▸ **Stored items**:
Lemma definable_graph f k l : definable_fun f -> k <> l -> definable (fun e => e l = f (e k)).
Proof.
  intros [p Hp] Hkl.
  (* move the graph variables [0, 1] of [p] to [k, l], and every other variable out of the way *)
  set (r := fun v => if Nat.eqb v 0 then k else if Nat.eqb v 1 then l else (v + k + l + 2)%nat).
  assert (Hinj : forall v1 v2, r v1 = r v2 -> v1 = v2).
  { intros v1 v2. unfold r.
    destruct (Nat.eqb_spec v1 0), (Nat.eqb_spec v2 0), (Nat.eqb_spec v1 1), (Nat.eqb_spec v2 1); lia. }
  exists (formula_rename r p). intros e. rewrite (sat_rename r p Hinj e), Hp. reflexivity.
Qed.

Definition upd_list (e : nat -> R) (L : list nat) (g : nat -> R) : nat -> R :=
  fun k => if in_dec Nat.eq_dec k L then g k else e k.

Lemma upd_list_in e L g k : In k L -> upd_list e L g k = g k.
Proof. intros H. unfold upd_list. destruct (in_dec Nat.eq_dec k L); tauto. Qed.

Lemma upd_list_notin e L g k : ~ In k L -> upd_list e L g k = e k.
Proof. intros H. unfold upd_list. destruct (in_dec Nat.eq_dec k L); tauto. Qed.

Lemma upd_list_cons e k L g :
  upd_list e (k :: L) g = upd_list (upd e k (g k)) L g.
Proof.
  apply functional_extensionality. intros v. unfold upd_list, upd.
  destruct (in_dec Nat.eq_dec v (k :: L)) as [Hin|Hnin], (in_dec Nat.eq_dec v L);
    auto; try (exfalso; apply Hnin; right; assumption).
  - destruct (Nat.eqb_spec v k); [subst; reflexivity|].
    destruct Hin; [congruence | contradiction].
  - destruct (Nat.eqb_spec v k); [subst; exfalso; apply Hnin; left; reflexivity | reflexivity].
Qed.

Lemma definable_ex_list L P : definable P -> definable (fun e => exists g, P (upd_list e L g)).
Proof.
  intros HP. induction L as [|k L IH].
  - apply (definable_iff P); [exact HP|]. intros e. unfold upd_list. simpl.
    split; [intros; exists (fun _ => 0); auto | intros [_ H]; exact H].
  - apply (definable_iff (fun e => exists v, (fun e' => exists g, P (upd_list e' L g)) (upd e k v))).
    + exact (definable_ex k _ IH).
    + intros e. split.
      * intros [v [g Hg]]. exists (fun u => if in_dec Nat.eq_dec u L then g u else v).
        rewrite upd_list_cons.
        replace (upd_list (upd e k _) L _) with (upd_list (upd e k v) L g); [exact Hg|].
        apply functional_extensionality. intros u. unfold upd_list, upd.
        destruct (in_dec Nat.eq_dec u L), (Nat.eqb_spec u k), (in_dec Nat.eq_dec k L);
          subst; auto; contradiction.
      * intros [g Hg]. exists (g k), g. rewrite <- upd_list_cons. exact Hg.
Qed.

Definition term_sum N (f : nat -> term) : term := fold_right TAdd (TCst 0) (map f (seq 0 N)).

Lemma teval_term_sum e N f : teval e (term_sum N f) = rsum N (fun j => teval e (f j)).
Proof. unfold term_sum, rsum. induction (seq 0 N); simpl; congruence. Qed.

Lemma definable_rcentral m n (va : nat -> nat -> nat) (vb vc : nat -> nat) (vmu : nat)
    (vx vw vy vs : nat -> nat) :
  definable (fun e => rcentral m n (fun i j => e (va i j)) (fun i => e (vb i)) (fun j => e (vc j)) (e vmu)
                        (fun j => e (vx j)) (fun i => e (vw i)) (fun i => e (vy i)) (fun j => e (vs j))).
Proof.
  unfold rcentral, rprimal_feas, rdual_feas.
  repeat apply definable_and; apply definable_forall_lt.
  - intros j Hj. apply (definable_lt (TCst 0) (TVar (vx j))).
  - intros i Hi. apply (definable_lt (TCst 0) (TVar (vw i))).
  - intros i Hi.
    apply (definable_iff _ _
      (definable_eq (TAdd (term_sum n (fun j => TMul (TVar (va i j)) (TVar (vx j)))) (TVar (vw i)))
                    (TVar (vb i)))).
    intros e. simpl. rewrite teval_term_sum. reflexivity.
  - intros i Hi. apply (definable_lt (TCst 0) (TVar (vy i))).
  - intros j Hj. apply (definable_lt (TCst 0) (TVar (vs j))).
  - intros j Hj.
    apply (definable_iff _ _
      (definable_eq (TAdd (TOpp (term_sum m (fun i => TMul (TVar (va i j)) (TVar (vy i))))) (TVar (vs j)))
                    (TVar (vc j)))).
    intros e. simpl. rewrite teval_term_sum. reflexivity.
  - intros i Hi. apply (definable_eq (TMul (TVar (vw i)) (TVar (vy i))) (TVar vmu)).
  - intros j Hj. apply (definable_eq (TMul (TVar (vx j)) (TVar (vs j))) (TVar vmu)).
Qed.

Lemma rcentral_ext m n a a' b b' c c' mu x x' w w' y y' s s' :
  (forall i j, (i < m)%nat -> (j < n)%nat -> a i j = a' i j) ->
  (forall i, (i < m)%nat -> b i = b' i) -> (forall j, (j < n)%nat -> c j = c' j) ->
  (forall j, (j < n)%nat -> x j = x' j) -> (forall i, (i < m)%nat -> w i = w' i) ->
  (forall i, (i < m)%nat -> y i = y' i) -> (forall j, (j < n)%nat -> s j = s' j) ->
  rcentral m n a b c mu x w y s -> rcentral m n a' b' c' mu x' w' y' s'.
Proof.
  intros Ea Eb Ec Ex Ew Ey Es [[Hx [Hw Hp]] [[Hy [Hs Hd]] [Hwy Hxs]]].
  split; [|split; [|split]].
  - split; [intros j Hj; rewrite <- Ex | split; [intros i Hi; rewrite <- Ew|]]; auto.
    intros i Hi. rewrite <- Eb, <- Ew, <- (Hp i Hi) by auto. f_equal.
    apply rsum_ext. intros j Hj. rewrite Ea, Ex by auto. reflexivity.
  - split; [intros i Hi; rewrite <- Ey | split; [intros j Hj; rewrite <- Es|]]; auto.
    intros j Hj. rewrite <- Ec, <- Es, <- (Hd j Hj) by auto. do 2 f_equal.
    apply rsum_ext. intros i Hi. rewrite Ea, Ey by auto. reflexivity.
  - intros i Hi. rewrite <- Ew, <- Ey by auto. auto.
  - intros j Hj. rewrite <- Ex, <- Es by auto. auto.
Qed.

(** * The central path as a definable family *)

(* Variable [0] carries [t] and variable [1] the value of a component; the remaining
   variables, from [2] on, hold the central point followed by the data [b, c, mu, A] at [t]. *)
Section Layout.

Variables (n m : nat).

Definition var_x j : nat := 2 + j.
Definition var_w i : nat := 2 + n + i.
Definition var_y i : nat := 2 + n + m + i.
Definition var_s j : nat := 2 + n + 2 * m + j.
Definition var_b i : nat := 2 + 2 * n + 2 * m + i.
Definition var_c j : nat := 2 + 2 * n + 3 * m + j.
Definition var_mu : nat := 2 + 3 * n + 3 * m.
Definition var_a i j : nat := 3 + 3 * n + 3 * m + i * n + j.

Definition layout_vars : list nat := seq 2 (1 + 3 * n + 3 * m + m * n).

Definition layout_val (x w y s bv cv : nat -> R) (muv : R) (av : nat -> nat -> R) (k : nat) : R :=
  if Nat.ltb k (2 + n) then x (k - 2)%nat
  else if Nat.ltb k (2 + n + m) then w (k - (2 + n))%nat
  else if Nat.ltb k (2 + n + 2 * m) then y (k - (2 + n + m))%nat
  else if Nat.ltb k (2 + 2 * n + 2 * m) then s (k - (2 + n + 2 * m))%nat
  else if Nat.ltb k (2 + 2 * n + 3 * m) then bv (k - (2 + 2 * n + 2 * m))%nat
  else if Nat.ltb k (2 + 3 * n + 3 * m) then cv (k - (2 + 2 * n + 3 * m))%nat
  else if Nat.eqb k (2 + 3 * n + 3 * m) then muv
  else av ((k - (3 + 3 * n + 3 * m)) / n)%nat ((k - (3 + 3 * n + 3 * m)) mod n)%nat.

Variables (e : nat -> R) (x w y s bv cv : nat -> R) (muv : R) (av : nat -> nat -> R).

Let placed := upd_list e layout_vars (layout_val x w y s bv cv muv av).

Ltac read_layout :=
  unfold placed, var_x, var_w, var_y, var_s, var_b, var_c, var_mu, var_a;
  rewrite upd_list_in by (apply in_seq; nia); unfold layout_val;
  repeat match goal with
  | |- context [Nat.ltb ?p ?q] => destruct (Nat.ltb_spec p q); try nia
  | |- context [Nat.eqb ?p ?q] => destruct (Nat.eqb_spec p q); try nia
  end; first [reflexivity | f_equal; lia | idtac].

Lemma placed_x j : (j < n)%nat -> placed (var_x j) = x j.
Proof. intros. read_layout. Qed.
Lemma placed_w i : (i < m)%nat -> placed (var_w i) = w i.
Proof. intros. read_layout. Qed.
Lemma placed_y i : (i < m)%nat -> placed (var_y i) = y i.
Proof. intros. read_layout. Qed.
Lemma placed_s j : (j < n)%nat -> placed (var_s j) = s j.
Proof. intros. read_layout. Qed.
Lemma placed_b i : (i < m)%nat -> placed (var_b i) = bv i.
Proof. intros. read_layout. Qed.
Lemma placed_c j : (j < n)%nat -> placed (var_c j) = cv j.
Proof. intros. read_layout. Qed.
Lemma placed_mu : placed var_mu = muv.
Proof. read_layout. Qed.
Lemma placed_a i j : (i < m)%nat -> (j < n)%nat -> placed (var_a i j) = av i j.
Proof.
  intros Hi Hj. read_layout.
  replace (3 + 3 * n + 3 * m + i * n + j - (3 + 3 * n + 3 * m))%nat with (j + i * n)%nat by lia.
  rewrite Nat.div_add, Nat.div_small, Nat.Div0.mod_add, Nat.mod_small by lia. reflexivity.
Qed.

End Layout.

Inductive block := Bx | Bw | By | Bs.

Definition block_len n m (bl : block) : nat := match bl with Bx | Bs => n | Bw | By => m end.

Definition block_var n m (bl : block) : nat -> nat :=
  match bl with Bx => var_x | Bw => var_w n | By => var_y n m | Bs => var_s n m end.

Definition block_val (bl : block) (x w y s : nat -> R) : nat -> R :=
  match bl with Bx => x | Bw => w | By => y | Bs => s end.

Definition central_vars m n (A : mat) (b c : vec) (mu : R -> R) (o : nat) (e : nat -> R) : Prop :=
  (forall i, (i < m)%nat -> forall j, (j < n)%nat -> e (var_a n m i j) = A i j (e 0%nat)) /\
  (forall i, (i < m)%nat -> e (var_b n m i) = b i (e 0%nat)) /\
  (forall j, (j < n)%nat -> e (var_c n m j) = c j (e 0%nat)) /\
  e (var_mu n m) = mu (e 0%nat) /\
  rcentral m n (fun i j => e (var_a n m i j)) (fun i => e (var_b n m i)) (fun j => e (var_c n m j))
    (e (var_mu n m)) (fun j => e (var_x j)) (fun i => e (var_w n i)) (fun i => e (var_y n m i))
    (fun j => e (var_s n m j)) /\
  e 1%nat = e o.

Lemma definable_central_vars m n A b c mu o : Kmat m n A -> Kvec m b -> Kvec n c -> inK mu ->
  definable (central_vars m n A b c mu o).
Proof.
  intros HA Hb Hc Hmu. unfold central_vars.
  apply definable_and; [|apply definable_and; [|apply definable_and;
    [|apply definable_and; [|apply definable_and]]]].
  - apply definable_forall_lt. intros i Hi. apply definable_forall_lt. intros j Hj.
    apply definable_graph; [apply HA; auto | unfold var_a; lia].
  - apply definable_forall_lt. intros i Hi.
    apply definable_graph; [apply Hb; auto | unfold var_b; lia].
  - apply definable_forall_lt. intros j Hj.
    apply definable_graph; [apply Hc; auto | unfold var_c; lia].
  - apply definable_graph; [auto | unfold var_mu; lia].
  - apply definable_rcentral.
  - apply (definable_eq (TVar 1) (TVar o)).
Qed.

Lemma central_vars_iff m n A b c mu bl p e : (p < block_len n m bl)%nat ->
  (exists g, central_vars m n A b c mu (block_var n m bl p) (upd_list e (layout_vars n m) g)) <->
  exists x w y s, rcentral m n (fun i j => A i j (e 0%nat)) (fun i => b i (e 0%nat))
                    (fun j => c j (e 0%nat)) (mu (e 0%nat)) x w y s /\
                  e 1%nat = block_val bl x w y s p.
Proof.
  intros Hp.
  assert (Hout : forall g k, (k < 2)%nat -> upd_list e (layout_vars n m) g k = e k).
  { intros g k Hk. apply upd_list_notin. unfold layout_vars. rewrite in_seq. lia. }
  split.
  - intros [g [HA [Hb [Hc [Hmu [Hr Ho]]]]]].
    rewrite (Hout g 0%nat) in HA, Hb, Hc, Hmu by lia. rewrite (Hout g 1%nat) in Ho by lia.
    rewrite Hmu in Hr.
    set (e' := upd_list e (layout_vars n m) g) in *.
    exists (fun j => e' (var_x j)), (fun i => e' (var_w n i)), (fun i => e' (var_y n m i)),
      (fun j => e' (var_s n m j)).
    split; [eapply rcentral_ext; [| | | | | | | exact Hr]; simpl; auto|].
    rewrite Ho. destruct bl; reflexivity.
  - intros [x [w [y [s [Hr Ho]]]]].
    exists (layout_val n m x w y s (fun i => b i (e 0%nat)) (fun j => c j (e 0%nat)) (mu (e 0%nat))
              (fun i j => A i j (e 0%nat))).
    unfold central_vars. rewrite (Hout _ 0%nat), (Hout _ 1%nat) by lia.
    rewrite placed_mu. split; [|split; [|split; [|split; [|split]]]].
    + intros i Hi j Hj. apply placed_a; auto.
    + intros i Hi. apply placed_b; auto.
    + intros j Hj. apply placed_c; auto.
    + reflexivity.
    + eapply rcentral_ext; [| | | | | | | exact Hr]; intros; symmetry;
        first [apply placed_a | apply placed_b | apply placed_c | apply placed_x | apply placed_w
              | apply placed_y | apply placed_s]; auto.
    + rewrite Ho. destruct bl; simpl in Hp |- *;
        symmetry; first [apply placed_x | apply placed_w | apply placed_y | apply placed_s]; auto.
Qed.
==
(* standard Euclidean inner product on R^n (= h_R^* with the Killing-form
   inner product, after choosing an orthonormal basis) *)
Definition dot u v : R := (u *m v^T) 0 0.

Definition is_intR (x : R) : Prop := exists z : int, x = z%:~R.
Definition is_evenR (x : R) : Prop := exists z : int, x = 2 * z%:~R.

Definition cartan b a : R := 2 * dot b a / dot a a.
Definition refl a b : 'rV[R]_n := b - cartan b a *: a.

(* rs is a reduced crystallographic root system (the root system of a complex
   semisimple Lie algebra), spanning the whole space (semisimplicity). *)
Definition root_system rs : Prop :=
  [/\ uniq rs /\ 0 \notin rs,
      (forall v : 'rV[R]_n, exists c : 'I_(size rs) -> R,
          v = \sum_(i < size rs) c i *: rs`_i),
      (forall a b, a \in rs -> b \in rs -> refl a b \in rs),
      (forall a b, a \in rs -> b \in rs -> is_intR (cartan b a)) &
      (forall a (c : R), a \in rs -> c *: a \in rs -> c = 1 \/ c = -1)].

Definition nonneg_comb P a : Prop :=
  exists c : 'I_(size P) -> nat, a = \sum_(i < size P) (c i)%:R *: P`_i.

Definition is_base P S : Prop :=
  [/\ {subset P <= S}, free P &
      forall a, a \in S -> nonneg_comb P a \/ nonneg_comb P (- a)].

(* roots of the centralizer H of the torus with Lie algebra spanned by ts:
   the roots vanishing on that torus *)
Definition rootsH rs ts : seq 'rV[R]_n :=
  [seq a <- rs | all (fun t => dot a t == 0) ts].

▸ **WORK REQUIRED**:
Leave out every line above except those from the line with "Lemma definable_graph f" up to and including the line with "replace (upd_list (upd", and copy those exactly.

▸ **RESULT OF THE TASK**:
Lemma definable_graph f k l : definable_fun f -> k <> l -> definable (fun e => e l = f (e k)).
Proof.
  intros [p Hp] Hkl.
  (* move the graph variables [0, 1] of [p] to [k, l], and every other variable out of the way *)
  set (r := fun v => if Nat.eqb v 0 then k else if Nat.eqb v 1 then l else (v + k + l + 2)%nat).
  assert (Hinj : forall v1 v2, r v1 = r v2 -> v1 = v2).
  { intros v1 v2. unfold r.
    destruct (Nat.eqb_spec v1 0), (Nat.eqb_spec v2 0), (Nat.eqb_spec v1 1), (Nat.eqb_spec v2 1); lia. }
  exists (formula_rename r p). intros e. rewrite (sat_rename r p Hinj e), Hp. reflexivity.
Qed.

Definition upd_list (e : nat -> R) (L : list nat) (g : nat -> R) : nat -> R :=
  fun k => if in_dec Nat.eq_dec k L then g k else e k.

Lemma upd_list_in e L g k : In k L -> upd_list e L g k = g k.
Proof. intros H. unfold upd_list. destruct (in_dec Nat.eq_dec k L); tauto. Qed.

Lemma upd_list_notin e L g k : ~ In k L -> upd_list e L g k = e k.
Proof. intros H. unfold upd_list. destruct (in_dec Nat.eq_dec k L); tauto. Qed.

Lemma upd_list_cons e k L g :
  upd_list e (k :: L) g = upd_list (upd e k (g k)) L g.
Proof.
  apply functional_extensionality. intros v. unfold upd_list, upd.
  destruct (in_dec Nat.eq_dec v (k :: L)) as [Hin|Hnin], (in_dec Nat.eq_dec v L);
    auto; try (exfalso; apply Hnin; right; assumption).
  - destruct (Nat.eqb_spec v k); [subst; reflexivity|].
    destruct Hin; [congruence | contradiction].
  - destruct (Nat.eqb_spec v k); [subst; exfalso; apply Hnin; left; reflexivity | reflexivity].
Qed.

Lemma definable_ex_list L P : definable P -> definable (fun e => exists g, P (upd_list e L g)).
Proof.
  intros HP. induction L as [|k L IH].
  - apply (definable_iff P); [exact HP|]. intros e. unfold upd_list. simpl.
    split; [intros; exists (fun _ => 0); auto | intros [_ H]; exact H].
  - apply (definable_iff (fun e => exists v, (fun e' => exists g, P (upd_list e' L g)) (upd e k v))).
    + exact (definable_ex k _ IH).
    + intros e. split.
      * intros [v [g Hg]]. exists (fun u => if in_dec Nat.eq_dec u L then g u else v).
        rewrite upd_list_cons.
        replace (upd_list (upd e k _) L _) with (upd_list (upd e k v) L g); [exact Hg|].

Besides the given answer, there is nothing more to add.